Practical Applications
Practical Applications Derived from “The Art of Building Verifiers for Computer Use Agents”
The paper introduces the Universal Verifier (UV) and CUAVerifierBench, demonstrating architectural principles (well-scoped rubrics, separate process/outcome signals, controllable vs. uncontrollable failure analysis, and divide-and-conquer screenshot relevance) that materially reduce false positives and align verifier judgments with humans. Below are concrete applications, grouped by deployment horizon.
Immediate Applications
- Robust evaluation of web/computer-use agents in R&D and product teams
- Sectors: software/AI, robotics (HMI/GUI control), enterprise automation
- Tools/workflows/products: integrate UV as a standardized evaluator for agent trajectories; use Cohen’s κ and FPR dashboards to gate models before release; replace or audit existing verifiers with high FPR
- Assumptions/dependencies: access to trajectory logs (screenshots + action history); vision-capable LLM backend; budget for inference; adoption of UV rubric templates
- Training signal generation for RL/RLAIF and dataset curation
- Sectors: AI/ML (agent training), MLOps
- Tools/workflows/products: use separate process and outcome scores to shape rewards, filter noisy successes, and prioritize constructive near-misses; build high-precision training sets by down-weighting trajectories UV marks as false positives
- Assumptions/dependencies: pipeline alignment between UV scores and training framework; compute to run UV at scale; clear task goals to generate task-specific rubrics
- CI/CD test gating for agent releases
- Sectors: software/AI product engineering
- Tools/workflows/products: treat UV + curated task suites as unit/integration tests; block deployments if outcome FPR or κ fall below thresholds; run UV on canary releases
- Assumptions/dependencies: stable test task bank; reproducible environments; policy thresholds for FPR/κ
- Human-in-the-loop annotation acceleration and quality control
- Sectors: data annotation services, academia (benchmarking), enterprise QA
- Tools/workflows/products: two-stage annotation workflows where UV pre-scores trajectories and provides rubrics; use UV to surface missed failures and reduce adjudication time
- Assumptions/dependencies: annotation guidelines aligned to UV’s process/outcome definitions; privacy-compliant screenshot sharing
- Safety/compliance auditing of agent actions (hallucination and side-effect detection)

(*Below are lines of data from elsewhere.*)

Lemma sudoku_row_distinct b r p p' c c' :
  p != p' -> R ((b, r), (p, c)) != R ((b, r), (p', c')).
Proof.
move=> neq_pp'; apply: contraNneq neq_pp'; rewrite !rawE => /val_inj.
by move/(sudoku_row_inj (X := (b, r)) (semimagic_sudoku smB)) => -[-> _].
Qed.

Lemma sudoku_col_distinct b b' r r' p c :
  b != b' -> R ((b, r), (p, c)) != R ((b', r'), (p, c)).
Proof.
move=> neq_bb'; apply: contraNneq neq_bb'; rewrite !rawE => /val_inj.
by move/(sudoku_col_inj (Y := (p, c)) (semimagic_sudoku smB)) => -[-> _].
Qed.

Lemma band_neighbours b p p' : p != p' ->
  block_orientation R b p = block_orientation R b p' /\
  forall r : 'I_3, perm3 (row_code R b p) r != perm3 (row_code R b p') r.
Proof.
move=> neq_pp'; rewrite /block_orientation /row_code.
have disjoint_rows (r c c' : 'I_3) :
    param_entry (decode (block R b p)) r c != param_entry (decode (block R b p')) r c'.
  by have := @sudoku_row_distinct b r p p' c c' neq_pp'; rewrite !semimagic_param_entry.
exact: (neighboursP band_neighbours_check_ok (decode_mem (magic_block_of_semimagic b p smB))
  (decode_mem (magic_block_of_semimagic b p' smB)) disjoint_rows).
Qed.

Lemma pillar_neighbours b b' p : b != b' ->
  block_orientation R b p = block_orientation R b' p /\
  forall c : 'I_3, perm3 (col_code R b p) c != perm3 (col_code R b' p) c.
Proof.
move=> neq_bb'; rewrite /block_orientation /col_code.
have disjoint_cols (c r r' : 'I_3) :
    param_entry (decode (block R b p)) r c != param_entry (decode (block R b' p)) r' c.
  by have := @sudoku_col_distinct b b' r r' p c neq_bb'; rewrite !semimagic_param_entry.
exact: (neighboursP pillar_neighbours_check_ok (decode_mem (magic_block_of_semimagic b p smB))
  (decode_mem (magic_block_of_semimagic b' p smB)) disjoint_cols).
Qed.

Lemma block_orientation_const b p : block_orientation R b p = block_orientation R i0 i0.
Proof.
have col_const : block_orientation R b i0 = block_orientation R i0 i0.
  by have [-> //|neq_b] := eqVneq b i0; apply: proj1 (pillar_neighbours i0 neq_b).
have [-> | neq_p] := eqVneq p i0; first apply: col_const.
exact (etrans (proj1 (band_neighbours b neq_p)) col_const).
Qed.

Lemma row_shift b p (r : 'I_3) :
  perm3 (row_code R b p) (perm3 (perm3_inv (row_code R b i0)) r) = shift (row_twist R b) p r.
Proof.
apply: (latin_shift (f := row_code R b)) => [p'|p1 p2 /(band_neighbours b) []//].
by case/andP: (codes_lt b p').
Qed.

Lemma col_shift b p (c : 'I_3) :
  perm3 (col_code R b p) (perm3 (perm3_inv (col_code R i0 p)) c) = shift (col_twist R p) b c.
Proof.
apply: (latin_shift (f := col_code R ^~ p)) => [b'|b1 b2 /(pillar_neighbours p) []//].
by case/andP: (codes_lt b' p).
Qed.

Theorem semimagic_normal_form :
  run (normalizing_moves R) R =1 normal_form (key_of R).
Proof.
move=> [[b r] [p c]]; rewrite run_normalizing_moves normal_form_key_of semimagic_entry.
rewrite block_orientation_const !ord_perm3E.
exact: f_equal2 (row_shift b p r) (col_shift b p c).
Qed.

End SemimagicStructure.

(** * Certificates *)

Definition rep_key (i : 'I_3) : key := (false, (false, false, 1 < i), (false, false, 0 < i)).

Definition certificate := ('I_3 * seq move)%type.

Definition cert_board (c : certificate) : raw_board := run c.2 (normal_form (rep_key c.1)).

Definition search_moves : seq move :=
  [seq Band k | k <- iota 1 5] ++ [seq Pillar k | k <- iota 1 5] ++ [:: Transpose; SwapDigits].

Definition extend (kc : key * certificate) (m : move) : key * certificate :=
  let R := move_raw m (normal_form kc.1) in
  (key_of R, (kc.2.1, rcons kc.2.2 m ++ normalizing_moves R)).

- Sectors: finance, healthcare, e-commerce, IT ops, customer support
- Tools/workflows/products: automatically flag outcome-hallucinations (e.g., claiming a booking without evidence) and unsolicited side effects (e.g., adding warranties or extra subscriptions); add UV checks before committing irreversible actions or transactions
- Assumptions/dependencies: real-time or near-real-time UV scoring in workflows; escalation paths for human review; well-defined “material side-effect” policies
- Transparent user-facing agent reports
- Sectors: consumer software, enterprise SaaS
- Tools/workflows/products: expose UV’s process/outcome rationale to end users (e.g., “task completed” with evidence snapshots, or “attempted but blocked by login wall”); improve trust and reduce support tickets
- Assumptions/dependencies: UI surfaces to present evidence; guardrails for sensitive data in screenshots
- A/B testing and error taxonomy-driven product analytics
- Sectors: AI product management, UX engineering
- Tools/workflows/products: use UV’s controllable/uncontrollable failure tags to attribute regressions (model vs. environment); run feature A/Bs and track improvements in process vs. outcome
- Assumptions/dependencies: consistent logging, stable taxonomies, analytics pipeline
- Benchmark creation and verification
- Sectors: academia, open-source communities, standards bodies
- Tools/workflows/products: use CUAVerifierBench and UV to build/curate benchmarks with process and outcome labels; audit existing benchmarks for mislabeled successes
- Assumptions/dependencies: access to raw trajectories; agreement on labeling guidelines; community governance for updates
- Vendor evaluation and procurement due diligence
- Sectors: enterprise IT, procurement, risk management
- Tools/workflows/products: run UV on vendors’ agent demos to compare process/outcome quality and FPR; request κ/precision targets as part of SLAs
- Assumptions/dependencies: standardized tasks; vendor cooperation in providing logs; clear acceptance criteria
- QA for RPA/UI automation and regression suites
- Sectors: enterprise RPA, QA/testing
- Tools/workflows/products: use UV to verify that scripted flows truly reach intended end-states and to detect silent failures masked by UI changes
- Assumptions/dependencies: instrumented test runs with screenshots; mapping RPA goals to rubrics
- Personal automation verification (daily life)
- Sectors: consumer automation (browser extensions, task runners)
- Tools/workflows/products: UV-backed “verify before commit” for automations like bill pay, appointment booking, or online orders; display evidence-backed confirmation
- Assumptions/dependencies: lightweight, affordable verifier access; privacy controls (local/on-device or redaction)
- Auto-research for prompt/heuristic tuning after expert scaffolding
- Sectors: AI tooling, internal platform teams
- Tools/workflows/products: use auto-research to fine-tune prompts/code starting from human-designed UV templates while enforcing FPR constraints
- Assumptions/dependencies: versioned prompts/code; guardrails against overfitting to eval sets; monitoring of FPR/κ
Long-Term Applications
- Cross-domain universal verification (desktop, mobile, OS agents, and mixed-modality)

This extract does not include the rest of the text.